Task directions – For the records that follow, please set down exactly the lines between the one holding "Lemma card_le_total T" and the one holding "move=> finj _", inclusive, and only those.

Collected data:
╭──

Lemma chain_bigcup_common T (F : set (set T)) p q :
  total_on F subset -> (\bigcup_(G in F) G) p -> (\bigcup_(G in F) G) q ->
  exists2 G, F G & G p /\ G q.
Proof.
move=> Ftot [G FG Gp] [G' FG' G'q].
have [GG'|G'G] := Ftot _ _ FG FG'; first by exists G' => //; split => //; exact: GG'.
by exists G => //; split; last exact: G'G.
Qed.

Definition partial_bij T U (R : set (T * U)) :=
  forall p q, R p -> R q -> (p.1 = q.1 <-> p.2 = q.2).

Lemma partial_bij_card_eq T U (R : set (T * U)) :
  partial_bij R -> fst @` R #= snd @` R.
Proof.
move=> Rbij; have pair_eq p q : R p -> R q -> p.1 = q.1 -> p.2 = q.2 -> p = q.
  by case: p q => [x y] [x' y'] _ _ /= -> ->.
apply: (@card_eq_trans _ _ _ _ R).
  apply: inj_card_eq => p q /set_mem Rp /set_mem Rq e.
  by apply: pair_eq => //; exact/(Rbij _ _ Rp Rq).
apply/card_esym/inj_card_eq => p q /set_mem Rp /set_mem Rq e.
by apply: pair_eq => //; exact/(Rbij _ _ Rp Rq).
Qed.

Lemma partial_bij_bigcup T U (F : set (set (T * U))) :
  total_on F subset -> (forall R, F R -> partial_bij R) ->
  partial_bij (\bigcup_(R in F) R).
Proof.
move=> Ftot Fbij p q Fp Fq.
by have [R FR [Rp Rq]] := chain_bigcup_common Ftot Fp Fq; exact: Fbij R FR p q Rp Rq.
Qed.

Lemma card_le_total T U (A : set T) (B : set U) : A #<= B \/ B #<= A.
Proof.
pose P := [set R : set (T * U) | R `<=` A `*` B /\ partial_bij R].
have [M [[MAB Mbij] Mmax]] : exists M, P M /\ forall R, M `<` R -> ~ P R.
  apply: Zorn_bigcup => F FP Ftot; split; last first.
    by apply: partial_bij_bigcup => // R FR; exact: (FP R FR).2.
  by move=> p [R FR Rp]; exact: (FP R FR).1.
have MAB_eq := partial_bij_card_eq Mbij.
have [AM|/existsNP[x /not_implyP[Ax Mx]]] := pselect (A `<=` fst @` M).
  left; apply: card_le_trans (subset_card_le AM) _.
  by rewrite (card_le_eql MAB_eq); apply: subset_card_le => _ [p /MAB[_ ?] <-].
have [BM|/existsNP[y /not_implyP[By My]]] := pselect (B `<=` snd @` M).
  right; apply: card_le_trans (subset_card_le BM) _.
  by rewrite -(card_le_eql MAB_eq); apply: subset_card_le => _ [p /MAB[? _] <-].
have newx p : M p -> p.1 <> x by move=> Mp px; apply: Mx; exists p.
have newy p : M p -> p.2 <> y by move=> Mp py; apply: My; exists p.
exfalso; apply: (Mmax (M `|` [set (x, y)])).
  split; first by move=> p Mp; left.
  by move=> /(_ (x, y) (or_intror erefl)) /newx; apply.
split; first by move=> p [/MAB //|->].
move=> p q [Mp|->] [Mq|->] //; first exact: Mbij.
  by split=> /= e; [case: (newx p)|case: (newy p)].
by split=> /= e; [case: (newx q)|case: (newy q)].
Qed.

Lemma card_setU_le_sq T U (A B : set T) (C : set U) :
  C `*` C #<= C -> infinite_set C -> A #<= C -> B #<= C -> A `|` B #<= C.
Proof.
move=> CC Cinf AleC BleC; apply: card_le_trans (card_setU_le AleC BleC) _.
apply: card_le_trans _ CC; apply: card_setX_le (card_lexx C).
exact: finite_card_le_infinite finite_finset Cinf.
Qed.

Definition graph_on I U (D : set I) (f : I -> U) : set (I * U) :=
  [set (i, f i) | i in D].

Lemma partial_bij_graph_on I U (D : set I) (f : I -> U) :
  set_inj D f -> partial_bij (graph_on D f).
Proof.
move=> finj _ _ [i Di <-] [j Dj <-] /=; split=> [-> //|].
exact: finj (mem_set Di) (mem_set Dj).
Qed.

Lemma glue_set_inj T U (D P : set T) (X Y : set U) (g h : T -> U) :
  set_fun P X g -> set_inj P g -> set_fun D Y h -> set_inj D h -> X `&` Y = set0 ->
  set_inj D (fun p => if `[< P p >] then g p else h p).
Proof.
move=> gX ginj hY hinj XY0 p q Dp Dq.
have gh p' q' : P p' -> D q' -> g p' <> h q'.
  move=> Pp' Dq' e; suff : (X `&` Y) (g p') by rewrite XY0.
  by split; [exact: gX | rewrite e; exact: hY].
case: (asboolP (P p)) => Pp; case: (asboolP (P q)) => Pq.
- exact: ginj (mem_set Pp) (mem_set Pq).
- by move=> /(gh _ _ Pp (set_mem Dq)).
- by move=> /esym /(gh _ _ Pq (set_mem Dp)).
- exact: hinj.
Qed.

Section Hessenberg.
Variable T : pointedType.
Implicit Types (G M : set ((T * T) * T)) (X Y : set T).

Definition sq_dom G : set T := [set x | exists z, G ((x, x), z)].

Definition square_inj G :=
  [/\ partial_bij G, fst @` G = sq_dom G `*` sq_dom G & snd @` G `<=` sq_dom G].

Lemma sq_dom_sub G G' : G `<=` G' -> sq_dom G `<=` sq_dom G'.
Proof. by move=> GG' x [z Gz]; exists z; exact: GG'. Qed.

Lemma square_inj_card_le G : square_inj G -> sq_dom G `*` sq_dom G #<= sq_dom G.
Proof.
move=> [Gbij <- GX]; rewrite (card_le_eql (partial_bij_card_eq Gbij)).
exact: subset_card_le.
Qed.

Lemma sq_dom_graph X (f : T * T -> T) : sq_dom (graph_on (X `*` X) f) = X.
Proof.
apply/seteqP; split=> [x [z [[a b] [/= Xa _] [<- _ _]]] //|x Xx].
by exists (f (x, x)), (x, x).
Qed.

Lemma square_inj_graph X (f : T * T -> T) :
  set_fun (X `*` X) X f -> set_inj (X `*` X) f -> square_inj (graph_on (X `*` X) f).
Proof.
move=> fX finj; rewrite /square_inj sq_dom_graph; split.
- exact: partial_bij_graph_on.
- apply/seteqP; split=> [_ [_ [p Xp <-] <-] //|p Xp].
  by exists (p, f p) => //; exists p.
- by move=> _ [_ [p Xp <-] <-]; exact: fX.
Qed.

Lemma square_inj_of_card_le X :
  X `*` X #<= X -> exists G, square_inj G /\ sq_dom G = X.
Proof.
move=> /pcard_leP/injfunPex[f fX finj]; exists (graph_on (X `*` X) f).
by split; [exact: square_inj_graph | exact: sq_dom_graph].
Qed.

Lemma square_inj_bigcup (F : set (set ((T * T) * T))) :
  total_on F subset -> (forall G, F G -> square_inj G) ->
  square_inj (\bigcup_(G in F) G).
Proof.
move=> Ftot Fsq; set U := \bigcup_(G in F) G.
have sq_domU G : F G -> sq_dom G `<=` sq_dom U.
  by move=> FG; apply: sq_dom_sub => q Gq; exists G.
split.
- by apply: partial_bij_bigcup => // G /Fsq[].
- apply/seteqP; split.
    move=> _ [q [G FG Gq] <-]; have [_ GX _] := Fsq G FG.
    have : (sq_dom G `*` sq_dom G) q.1 by rewrite -GX; exists q.
    by move=> [/(sq_domU _ FG) ? /(sq_domU _ FG) ?].
  move=> [a b] [[za Uza] [zb Uzb]].
  have [G FG [Ga Gb]] := chain_bigcup_common Ftot Uza Uzb.
  have [_ GX _] := Fsq G FG.
  have : (fst @` G) (a, b) by rewrite GX; split; [exists za|exists zb].
  by move=> [q Gq <-]; exists q => //; exists G.
- move=> _ [q [G FG Gq] <-]; apply: (sq_domU G FG).
  by have [_ _] := Fsq G FG; apply; exists q.
Qed.

Lemma square_inj_graphP M : square_inj M ->
  exists g, [/\ M = graph_on (sq_dom M `*` sq_dom M) g,
    set_fun (sq_dom M `*` sq_dom M) (sq_dom M) g & set_inj (sq_dom M `*` sq_dom M) g].
Proof.
set X := sq_dom M => -[Mbij MX MsndX].
have /choice[g gM] : forall p, exists z, (X `*` X) p -> M (p, z).
  move=> p; have [|nXp] := pselect ((X `*` X) p); last by exists point => /nXp.
  by rewrite -MX => -[[p' z] Mpz <-]; exists z.
exists g; split.
- apply/seteqP; split=> [[p z] Mpz|_ [p Xp <-]]; last exact: gM.
  have Xp : (X `*` X) p by rewrite -MX; exists (p, z).
  by exists p => //; congr (_, _); apply/(Mbij _ _ (gM _ Xp) Mpz).
- by move=> p Xp; apply: MsndX; exists (p, g p); first exact: gM.
- by move=> p q /set_mem Xp /set_mem Xq e; apply/(Mbij _ _ (gM _ Xp) (gM _ Xq)).
Qed.

Lemma square_inj_extend M Y :
  square_inj M -> infinite_set (sq_dom M) -> sq_dom M `&` Y = set0 ->
  Y #= sq_dom M -> exists G, [/\ square_inj G, M `<` G & sq_dom G = sq_dom M `|` Y].
Proof.
set X := sq_dom M => Msq Xinf XY0 /card_eqPle[YleX XleY].
have [g [Mg gX ginj]] := square_inj_graphP Msq.
have Yinf : infinite_set Y by move=> /(card_le_finite XleY).
have YY : Y `*` Y #<= Y.
  apply: card_le_trans (card_setX_le YleX YleX) _.
  exact: card_le_trans (square_inj_card_le Msq) XleY.
have XYle := card_setU_le_sq YY Yinf XleY (card_lexx Y).
pose XY2 := (X `|` Y) `*` (X `|` Y).
have /pcard_leP/injfunPex[h hY hinj] := card_le_trans (card_setX_le XYle XYle) YY.
pose f p := if `[< (X `*` X) p >] then g p else h p.
have fXY : set_fun XY2 (X `|` Y) f.
  move=> p XYp; rewrite /f; case: asboolP => Xp; first by left; exact: gX.
  by right; exact: hY.
have finj : set_inj XY2 f := glue_set_inj gX ginj hY hinj XY0.
exists (graph_on XY2 f); split; [exact: square_inj_graph | split | exact: sq_dom_graph].
  rewrite Mg => _ [p [Xp1 Xp2] <-]; exists p; first by split; left.
  by rewrite /f asboolT.
have [y Yy] := infinite_setN0 Yinf.
rewrite Mg => /(_ ((y, y), f (y, y))) [|p [Xp _] [pyy _]].
  by exists (y, y) => //; split; right.
have : (X `&` Y) y by split => //; rewrite pyy in Xp.
by rewrite XY0.
Qed.

Lemma infinite_square_inj_sub (A : set T) : infinite_set A ->
  exists G, [/\ square_inj G, infinite_set (sq_dom G) & sq_dom G `<=` A].
Proof.
move=> /infiniteP /card_le_subset_eq[N NA /card_eqPle[NleNat NatleN]].
have NN : N `*` N #<= N.
  apply: card_le_trans (card_setX_le NleNat NleNat) _.
  by apply: card_le_trans _ NatleN; rewrite setXTT; case/card_eqPle: card_nat2.
have [G [Gsq GN]] := square_inj_of_card_le NN.
by exists G; rewrite GN; split => //; apply/infiniteP.
Qed.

╰──

Result of the exercise –
Lemma card_le_total T U (A : set T) (B : set U) : A #<= B \/ B #<= A.
Proof.
pose P := [set R : set (T * U) | R `<=` A `*` B /\ partial_bij R].
have [M [[MAB Mbij] Mmax]] : exists M, P M /\ forall R, M `<` R -> ~ P R.
  apply: Zorn_bigcup => F FP Ftot; split; last first.
    by apply: partial_bij_bigcup => // R FR; exact: (FP R FR).2.
  by move=> p [R FR Rp]; exact: (FP R FR).1.
have MAB_eq := partial_bij_card_eq Mbij.
have [AM|/existsNP[x /not_implyP[Ax Mx]]] := pselect (A `<=` fst @` M).
  left; apply: card_le_trans (subset_card_le AM) _.
  by rewrite (card_le_eql MAB_eq); apply: subset_card_le => _ [p /MAB[_ ?] <-].
have [BM|/existsNP[y /not_implyP[By My]]] := pselect (B `<=` snd @` M).
  right; apply: card_le_trans (subset_card_le BM) _.
  by rewrite -(card_le_eql MAB_eq); apply: subset_card_le => _ [p /MAB[? _] <-].
have newx p : M p -> p.1 <> x by move=> Mp px; apply: Mx; exists p.
have newy p : M p -> p.2 <> y by move=> Mp py; apply: My; exists p.
exfalso; apply: (Mmax (M `|` [set (x, y)])).
  split; first by move=> p Mp; left.
  by move=> /(_ (x, y) (or_intror erefl)) /newx; apply.
split; first by move=> p [/MAB //|->].
move=> p q [Mp|->] [Mq|->] //; first exact: Mbij.
  by split=> /= e; [case: (newx p)|case: (newy p)].
by split=> /= e; [case: (newx q)|case: (newy q)].
Qed.

Lemma card_setU_le_sq T U (A B : set T) (C : set U) :
  C `*` C #<= C -> infinite_set C -> A #<= C -> B #<= C -> A `|` B #<= C.
Proof.
move=> CC Cinf AleC BleC; apply: card_le_trans (card_setU_le AleC BleC) _.
apply: card_le_trans _ CC; apply: card_setX_le (card_lexx C).
exact: finite_card_le_infinite finite_finset Cinf.
Qed.

Definition graph_on I U (D : set I) (f : I -> U) : set (I * U) :=
  [set (i, f i) | i in D].

Lemma partial_bij_graph_on I U (D : set I) (f : I -> U) :
  set_inj D f -> partial_bij (graph_on D f).
Proof.
move=> finj _ _ [i Di <-] [j Dj <-] /=; split=> [-> //|].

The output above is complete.